Differentiating functions of vectors/matrices?

In this post I discuss a function MatrixD which attempts to take a matrix derivative following the guidelines given in the The Matrix Cookbook.

I still want to take advantage of the normal partial derivative function D, but I need to override the default handling of matrix functions. The basic approach is the following:

  1. Add Inverse, Tr, Transpose, Det, MatrixPower, and MatrixFunction to the list of "ExcludedFunctions" in SystemOptions[]. The default handling of derivatives of these symbols needs to be avoided (D[Tr[X], X] evaluating to Tr'[X] is not useful).

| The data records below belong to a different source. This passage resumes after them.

Lemma lweight_horner_alg y l p : H * y = l *: y -> ev p * y = p.[l] *: y.
Proof.
move=> Hy; elim/poly_ind: p => [|p c IH]; first by rewrite rmorph0 horner0 mul0r scale0r.
rewrite rmorphD rmorphM /= horner_algX horner_algC mulrDl -mulrA Hy -scalerAr IH.
by rewrite mulr_algl hornerMXaddC scalerA scalerDl mulrC.
Qed.

Lemma rweight_horner_alg y l p : y * H = l *: y -> y * ev p = p.[l] *: y.
Proof.
move=> Hy; elim/poly_ind: p => [|p c IH]; first by rewrite rmorph0 horner0 mulr0 scale0r.
rewrite rmorphD rmorphM /= horner_algX horner_algC mulrDr mulrA IH -scalerAl Hy.
by rewrite mulr_algr hornerMXaddC scalerA scalerDl.
Qed.

End Shifts.

Section Projectors.
Variables (F : numFieldType) (A : algType F) (d : nat) (H : A).
Hypothesis H_ann : \prod_(i < d.+1) (H - i%:R) = 0.
Local Notation ev := (horner_alg H).
Local Notation natr_inj := (mulrIn (oner_neq0 F)).

Definition ann_poly : {poly F} := \prod_(i < d.+1) ('X - i%:R%:P).

Definition proj (i : 'I_d.+1) : A := ev (tnth (lagrange d.+1 (fun k => k%:R)) i).

Lemma lagrange_nat (i : 'I_d.+1) (k : nat) : (k <= d)%N ->
  (tnth (lagrange d.+1 (fun k => k%:R : F)) i).[k%:R] = (i == k :> nat)%:R.
Proof. by rewrite -ltnS => ltkd; rewrite (lagrange_sample _ natr_inj _ (Ordinal ltkd)). Qed.

Lemma horner_alg_ann : ev ann_poly = 0.
Proof.
rewrite -H_ann rmorph_prod; apply: eq_bigr => i _.
by rewrite rmorphB /= horner_algX horner_algC scaler_nat.
Qed.

Lemma horner_ann_poly l : ann_poly.[l] = \prod_(i < d.+1) (l - i%:R).
Proof. by rewrite horner_prod; apply: eq_bigr => i _; rewrite hornerXsubC. Qed.

Lemma horner_alg_proj (p : {poly F}) : ev p = \sum_(i < d.+1) p.[i%:R] *: proj i.
Proof.
have ann_neq0 : ann_poly != 0 by apply/monic_neq0/monic_prod_XsubC.
have size_ann : size ann_poly = d.+2.
  by rewrite /ann_poly -big_enum size_prod_XsubC size_enum_ord.
have size_mod : (size (p %% ann_poly)%R <= d.+1)%N by rewrite -ltnS -size_ann ltn_modp.
have -> : ev p = ev (p %% ann_poly).
  by rewrite {1}(divp_eq p ann_poly) rmorphD rmorphM /= horner_alg_ann mulr0 add0r.
rewrite {1}(lagrange_gen (ltn0Sn d) natr_inj size_mod) raddf_sum; apply: eq_bigr => i _.
rewrite /= rmorphM /= horner_algC mulr_algl {2}(divp_eq p ann_poly) hornerD hornerM.
by rewrite horner_ann_poly (bigD1 i) //= subrr mul0r mulr0 add0r.
Qed.

Lemma horner_alg_mul_proj p i : ev p * proj i = p.[i%:R] *: proj i.
Proof.
have sample := lagrange_sample (ltn0Sn d) natr_inj.
rewrite /proj -rmorphM /= horner_alg_proj (bigD1 i) //= big1 ?addr0 => [|j ji].
  by rewrite hornerM sample eqxx mulr1.
by rewrite hornerM sample eq_sym (negbTE ji) mulr0 scale0r.
Qed.

Lemma proj_lweight i : H * proj i = i%:R *: proj i.
Proof. by rewrite -{1}(horner_algX H) horner_alg_mul_proj hornerX. Qed.

Lemma proj_rweight i : proj i * H = i%:R *: proj i.
Proof. by rewrite -proj_lweight /proj -{2 3}(horner_algX H) -!rmorphM mulrC. Qed.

  2. The matrix derivative of a matrix is not 1, but rather is given by the following: $$\frac{\partial M_{\text{ij}}}{\partial M_{\text{kl}}}=\mathbb{J}_{\text{ijkl}}$$ where $\mathbb{J}_{\text{ijkl}}\equiv \delta _{\text{ik}} \delta _{\text{jl}}$. Since D[X, X] invariably returns 1, I will instead use the following construct:

    MatrixD /: D[X, MatrixD, NonConstants->{X}] := $SingleEntryMatrix
    

    MatrixD here acts as a variable, and the NonConstants option prevents the derivative from being 0. This DownValue for D (as well as all of the others) are hidden inside the implementation of MatrixD.

  3. The result of MatrixD will need to be simplified further. For this purpose, I wrote a MatrixReduce function. Some of the simplifications performed by MatrixReduce depend on whether the matrix variable is invertible or not. This is controlled by the "Invertible" option of MatrixD and MatrixReduce.

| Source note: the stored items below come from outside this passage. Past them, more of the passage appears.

Lemma em_error_le m sg t n : (2 <= n)%nat -> 1 <= sg -> t <> 0 ->
  let B := (INR m + sg + Rabs t) * (1 + ln (INR n)) ^ m / (INR n - 1) ^ 2 in
  Rabs (fst (em_error m sg t n)) <= B /\ Rabs (snd (em_error m sg t n)) <= B.
Proof.
  intros Hn Hs Ht B. unfold B, em_error.
  assert (Hn' : 2 <= INR n) by (apply (le_INR 2); auto).
  set (a := INR n - 1). replace (INR n) with (a + 1) by (unfold a; ring).
  assert (Hd : forall y, a <= y <= a + 1 -> cderive (dterm_prim m sg t) y (dterm m sg t y))
    by (intros y Hy; apply cderive_dterm_prim; auto; unfold a in Hy; lra).
  assert (Htrig : forall y, 1 <= y -> Rabs (t * / y) <= Rabs t / y).
  { intros y Hy. rewrite Rabs_mult, (Rabs_right (/ y)); [reflexivity|].
    apply Rle_ge, Rlt_le, Rinv_0_lt_compat; lra. }
  split; simpl.
  - apply (em_part_error_le m sg t a (fun y => cos (t * ln y)) (fun y => - (t * / y) * sin (t * ln y))
             (fun y => fst (dterm_prim m sg t y))); try (unfold a; lra).
    + intros y Hy. apply (proj1 (Hd y Hy)).
    + intros y Hy. split; [|split].
      * auto_derive; [lra | field; lra].
      * apply Rabs_cos_le.
      * rewrite Rabs_mult, Rabs_Ropp. pose proof (Rabs_sin_le (t * ln y)). pose proof (Htrig y Hy).
        pose proof (Rabs_pos (t * / y)). nra.
  - replace (- ((- ln (a + 1)) ^ m * Rpower (a + 1) (- sg) * sin (t * ln (a + 1))))
      with ((- ln (a + 1)) ^ m * Rpower (a + 1) (- sg) * - sin (t * ln (a + 1))) by ring.
    apply (em_part_error_le m sg t a (fun y => - sin (t * ln y)) (fun y => - (t * / y) * cos (t * ln y))
             (fun y => snd (dterm_prim m sg t y))); try (unfold a; lra).
    + intros y Hy. eapply is_derive_val; [|apply (proj2 (Hd y Hy))]. simpl; ring.
    + intros y Hy. split; [|split].
      * auto_derive; [lra | field; lra].
      * rewrite Rabs_Ropp. apply Rabs_sin_le.
      * rewrite Rabs_mult, Rabs_Ropp. pose proof (Rabs_cos_le (t * ln y)). pose proof (Htrig y Hy).
        pose proof (Rabs_pos (t * / y)). nra.
Qed.

Definition inv_sqrt_INR (k : nat) : R := / sqrt (INR k).

Lemma inv_sqrt_INR_pos k : (1 <= k)%nat -> 0 < inv_sqrt_INR k.
Proof. intros Hk. apply Rinv_0_lt_compat, sqrt_lt_R0, lt_0_INR; lia. Qed.
(* Chernoff: weight each function by [exp (- t)] per non-zero value; the total weight
   factors over [D]. *)
Lemma card_small_support_le (D : finType) (K : nat) (t kap : R) : 0 < t ->
  #|small_support D K kap|%:R
    <= expR (t * kap * #|D|%:R) * (1 + K%:R * expR (- t)) ^+ #|D|.
Proof.
move=> t0; set x := expR (- t).
pose w (j : 'I_K.+1) : R := if j != ord0 then x else 1.
have w_ge0 j : 0 <= w j by rewrite /w; case: ifP => _; [exact: expR_ge0|exact: ler01].
have weight_g g : \prod_v w (g v) = x ^+ #|[pred v | g v != ord0]|.
  by rewrite /w -big_mkcond /= -prodr_const; apply: eq_bigl => v; rewrite inE.
have total_weight : \sum_(g : {ffun D -> 'I_K.+1}) \prod_v w (g v) = (1 + K%:R * x) ^+ #|D|.
  rewrite -(bigA_distr_bigA (fun _ j => w j)) /= prodr_const big_ord_recl /w eqxx /=.
  by rewrite sumr_const card_ord mulr_natl.
have small_weight : #|small_support D K kap|%:R * expR (- (t * kap * #|D|%:R))
    <= \sum_(g in small_support D K kap) \prod_v w (g v).
  rewrite mulr_natl -sumr_const; apply: ler_sum => g; rewrite inE => small_g.
  rewrite weight_g /x -expRM_natr ler_expR mulNr lerN2 -mulrA ler_pM2l //.
  exact: ltW.
have sub_weight : \sum_(g in small_support D K kap) \prod_v w (g v)
    <= \sum_(g : {ffun D -> 'I_K.+1}) \prod_v w (g v).
  rewrite [leRHS](bigID (mem (small_support D K kap))) /= lerDl.
  by apply: sumr_ge0 => g _; exact: prodr_ge0.
have := le_trans small_weight sub_weight.
by rewrite total_weight expRN ler_pdivrMr ?expR_gt0 // mulrC.
Qed.

Lemma small_support_subexponential (K : nat) (eta : R) : 0 < eta ->
  exists2 kap : R, 0 < kap &
    forall D : finType, #|small_support D K kap|%:R <= expR (eta * #|D|%:R).
Proof.
(* [t] makes [K exp (- t) <= eta / 2] and [kap] makes [t kap = eta / 2]. *)
move=> eta0; pose t := 2 * K%:R / eta + 1; pose kap := eta / (2 * t).
have t0 : 0 < t by apply: ltr_pwDr; [exact: ltr01|rewrite divr_ge0 ?mulr_ge0 ?ler0n ?ltW].
exists kap => [|D]; first by rewrite divr_gt0 ?mulr_gt0.
apply: le_trans (card_small_support_le D K kap t0) _.
have expR_bound : 1 + K%:R * expR (- t) <= expR (eta / 2).
  apply: le_trans (expR_ge1Dx _); rewrite lerD2l expRN ler_pdivrMr ?expR_gt0 //.
  apply: le_trans (_ : eta / 2 * (1 + t) <= _); last first.
    by rewrite ler_wpM2l ?expR_ge1Dx // divr_ge0 ?ltW.
  have -> : eta / 2 * (1 + t) = K%:R + eta by rewrite /t; field; rewrite gt_eqF.
  by rewrite lerDl ltW.
apply: le_trans (_ : expR (t * kap * #|D|%:R) * expR (eta / 2) ^+ #|D| <= _).
  by rewrite ler_wpM2l ?expR_ge0 // lerXn2r // nnegrE ?expR_ge0 // ltW.
have -> : t * kap = eta / 2 by rewrite /kap; field; rewrite gt_eqF.
by rewrite -expRM_natr -expRD -mulrDl -splitr.
Qed.
End SmallSupport.

Lemma maximal_separated_subset (R : realType) (J : finType) (d : J -> J -> R) (r : R) :
  (forall j, d j j < r) -> (forall j k, d j k = d k j) ->
  exists S : {set J},
    (forall j k, j \in S -> k \in S -> j != k -> r <= d j k) /\
    (forall j, exists2 k, k \in S & d j k < r).
Proof.
move=> dxx dC; pose separated (S : {set J}) :=
  [forall j in S, forall k in S, (j != k) ==> (r <= d j k)].
have [|S sepS maxS] := arg_maxnP (fun S : {set J} => #|S|) (_ : separated finset.set0).
  by apply/forall_inP => j; rewrite inE.
have {}sepS j k : j \in S -> k \in S -> j != k -> r <= d j k.
  by move=> jS kS; move/forall_inP: sepS => /(_ j jS) /forall_inP /(_ k kS) /implyP.
exists S; split=> // j; apply/exists_inP; apply: contraT => /exists_inPn far_j.
have jS : j \notin S by apply/negP => jS; have := far_j j jS; rewrite dxx.
suff /maxS : separated (j |: S) by rewrite cardsU1 jS /= add1n ltnn.
apply/forall_inP => j1 /setU1P [->|j1S]; apply/forall_inP => k1 /setU1P [->|k1S];
  apply/implyP => ne; first by rewrite eqxx in ne.
- by rewrite leNgt far_j.
- by rewrite dC leNgt far_j.
- exact: sepS.
Qed.

Section Pseudometric.
Variables (R : realType) (X : Type) (rho : X -> X -> R).
Hypothesis rho_ge0 : forall x y, 0 <= rho x y.
Hypothesis rho_refl : forall x, rho x x = 0.
Hypothesis rho_sym : forall x y, rho x y = rho y x.
Hypothesis rho_tri : forall x y z, rho x z <= rho x y + rho y z.

Lemma rho_le_rhoinf (D : finType) (phi psi : D -> X) v :
  rho (phi v) (psi v) <= rhoinf rho phi psi.
Proof. by rewrite /rhoinf (bigD1 v) //= le_max lexx. Qed.

Lemma rhoinf_lt (D : finType) (phi psi : D -> X) e : 0 < e ->
  (forall v, rho (phi v) (psi v) < e) -> rhoinf rho phi psi < e.
Proof. by move=> e0 lt_e; apply: (big_ind (fun x => x < e)) => // a b; rewrite gt_max => ->. Qed.

Lemma rhoinf_ge0 (D : finType) (phi psi : D -> X) : 0 <= rhoinf rho phi psi.
Proof. by apply: (big_ind (fun x => 0 <= x)) => // a b; rewrite le_max => ->. Qed.

Lemma rho2_le_rhoinf (D : finType) (phi psi : D -> X) : (0 < #|D|)%N ->
  rho2 rho phi psi <= rhoinf rho phi psi.
Proof.
move=> D0; rewrite /rho2 -(ger0_norm (rhoinf_ge0 phi psi)) -sqrtr_sqr.
rewrite ler_sqrt ?exprn_ge0 ?rhoinf_ge0 // ler_pdivrMl ?ltr0n //.
apply: le_trans (_ : \sum_(v : D) rhoinf rho phi psi ^+ 2 <= _).
  by apply: ler_sum => v _; rewrite lerXn2r ?rho_le_rhoinf ?nnegrE ?rhoinf_ge0.
by rewrite sumr_const mulr_natl.
Qed.

Lemma rho2xx (D : finType) (phi : D -> X) : rho2 rho phi phi = 0.
Proof. by rewrite /rho2 big1 ?mulr0 ?sqrtr0 // => v _; rewrite rho_refl expr0n. Qed.

Lemma rho2C (D : finType) (phi psi : D -> X) : rho2 rho phi psi = rho2 rho psi phi.
Proof. by rewrite /rho2; congr (Num.sqrt (_ * _)); apply: eq_bigr => v _; rewrite rho_sym. Qed.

  4. Scalar functions of a matrix (e.g., Log[X]) are not supported. Instead, one must use MatrixFunction (or MatrixPower), e.g., MatrixFunction[Log, X] instead of Log[X].

  5. MatrixFunction has a simple differentiation rule when it is inside of a Tr/Det, but much more complicated rules if it is outside of a Tr/Det. Hence, derivatives of MatrixFunction are only supported when they occur inside of a Tr/Det wrapper.

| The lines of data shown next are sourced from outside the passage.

(* Let $a_1,a_2\in D$ be nonzero pure quaternions with $|2a_1|\ge|a_2|$ and $N(a_2)\in N(a_1)k^{*2}$, and let $t$ be the integer with $\nu(\pi^t)=\nu(a_2)-\nu(a_1)$. Say that $r\in\mathcal{O}_D$ satisfies the $k$-star conditions if $\left(\frac{N(1-r),\,-N(a_1)}{\mathfrak{p}}\right)=-1$, $N(z)N(a_1)\in k^{*2}$ and $N(z)N(\pi^ta_1)^{-1}\in\mathcal{O}_k$, where $z=a_1-ra_1\bar r$. Let $e$ be the ramification index of $k/\mathbb{Q}_2$, $u=t+6e$, and let $\mathcal{S}\subseteq\mathcal{O}_k$ be any finite set of representatives of $\mathcal{O}_k/\pi^u\mathcal{O}_k$. Then there exists $r\in\mathcal{O}_D$ satisfying the $k$-star conditions if and only if there exists $\alpha\in\mathcal{S}\oplus\mathcal{S}\omega\oplus\mathcal{S}i\oplus\mathcal{S}i\omega\subseteq\mathcal{O}_D$ satisfying them.
   Context: $k$ is a dyadic local field of characteristic $0$, $\mathcal{O}_k$ its integers, $\pi$ a uniformizer, $\nu_k$ its normalized valuation, $\left(\frac{x,y}{\mathfrak{p}}\right)$ the Hilbert symbol of $k$. $\Delta\in\mathcal{O}_k^*$ is a unit of minimal quadratic defect ($\Delta=1+4\delta$, $\delta\in\mathcal{O}_k^*$). $D=\left(\frac{\pi,\Delta}{k}\right)$ is the quaternion division algebra with basis $1,i,j,ij$, $i^2=\pi$, $j^2=\Delta$, $ij=-ji$; $\omega=(1+j)/2$. $N$ is the reduced norm, $q\mapsto\bar q$ the canonical involution, $|q|:=|N(q)|_k$, $\nu(q):=\nu_k(N(q))$, and $\mathcal{O}_D=\{q:|q|\le1\}=\mathcal{O}_k\oplus\mathcal{O}_k\omega\oplus\mathcal{O}_ki\oplus\mathcal{O}_ki\omega$. *)

From HB Require Import structures.
From mathcomp Require Import all_boot all_order all_algebra.
Set Implicit Arguments. Unset Strict Implicit. Unset Printing Implicit Defensive.
Import Order.TTheory GRing.Theory Num.Theory.
Local Open Scope ring_scope.

(* normalized discrete valuation  v : k -> int  (value at 0 irrelevant) *)

Definition in_Ok (k : fieldType) (v : k -> int) (x : k) : Prop :=
  x = 0 \/ 0 <= v x.

Definition is_dyadic_local_field (k : fieldType) (v : k -> int) : Prop :=
  [pchar k] =i pred0 /\
  (forall x y : k, x != 0 -> y != 0 -> v (x * y) = v x + v y) /\
  (forall x y : k, x != 0 -> y != 0 -> x + y != 0 ->
      Num.min (v x) (v y) <= v (x + y)) /\
  (exists p : k, p != 0 /\ v p = 1) /\
  (forall u : nat -> k,
      (forall M : int, exists N : nat, forall m n : nat, (N <= m)%N -> (N <= n)%N ->
           u m = u n \/ M <= v (u m - u n)) ->
      exists l : k, forall M : int, exists N : nat, forall n : nat, (N <= n)%N ->
           u n = l \/ M <= v (u n - l)) /\
  (* finite residue field *)
  (exists R : seq k, forall x : k, in_Ok v x ->
      exists2 r, r \in R & (x = r \/ 1 <= v (x - r))) /\
  (* dyadic: residue characteristic 2 *)
  0 < v 2.

Definition is_square_nz (k : fieldType) (x : k) : Prop :=
  exists c : k, c != 0 /\ x = c ^+ 2.

(* Hilbert symbol (a,b / p) = -1 : the form a X^2 + b Y^2 - Z^2 is
   anisotropic. *)
Definition hilbert_neg1 (k : fieldType) (a b : k) : Prop :=
  forall x y z : k, z ^+ 2 = a * x ^+ 2 + b * y ^+ 2 -> x = 0 /\ y = 0 /\ z = 0.

(* The quaternion algebra (a, b / k) with basis 1, i, j, ij            *)

Record quat (k : Type) := Quat { q0 : k; q1 : k; q2 : k; q3 : k }.

Section Quat.
Variables (k : fieldType) (a b : k).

  6. For test purposes, I also created a TestMatrixD function. This function tests the MatrixD output by performing the matrix derivative using ordinary D rules as well as with the MatrixD, and comparing the output after substituting random real matrices for the variables and matrix constants.

  7. There is at least one bug in the MatrixD implementation, when the argument to one of the matrix functions Tr, Det, Inverse and Transpose is actually a scalar and not a matrix (e.g., Tr[Det[X]]). There may be more.

The code is a little lengthy, so I put it on GitHub. You can download it at:

https://github.com/carlwoll/MatrixD/releases

The source code can be viewed there as well. Download the file "MatrixD-1.0.paclet" and then install it with:

PacletInstall[file]

Load the package with:

<<MatrixD`

Now, for your first couple elementary examples:

MatrixD[Tr[X\[Transpose].X], X]//TeXForm

$2 X$

MatrixD[Tr[X.X], X]//TeXForm

$2 X^T$

Your slightly more complicated Det example:

MatrixD[Det[A.X.B], X, "Invertible"->False]//TeXForm

$\left| A.X.B\right| A^T.\left(B^T.X^T.A^T\right)^{-1}.B^T$

And the output for your last example:

MatrixD[Tr[A.X.B.X\[Transpose].C], X, "Invertible"->False]//TeXForm

$A^T.C^T.X.B^T+C.A.X.B$

I'm planning on adding support for vectors as well as matrices in the future.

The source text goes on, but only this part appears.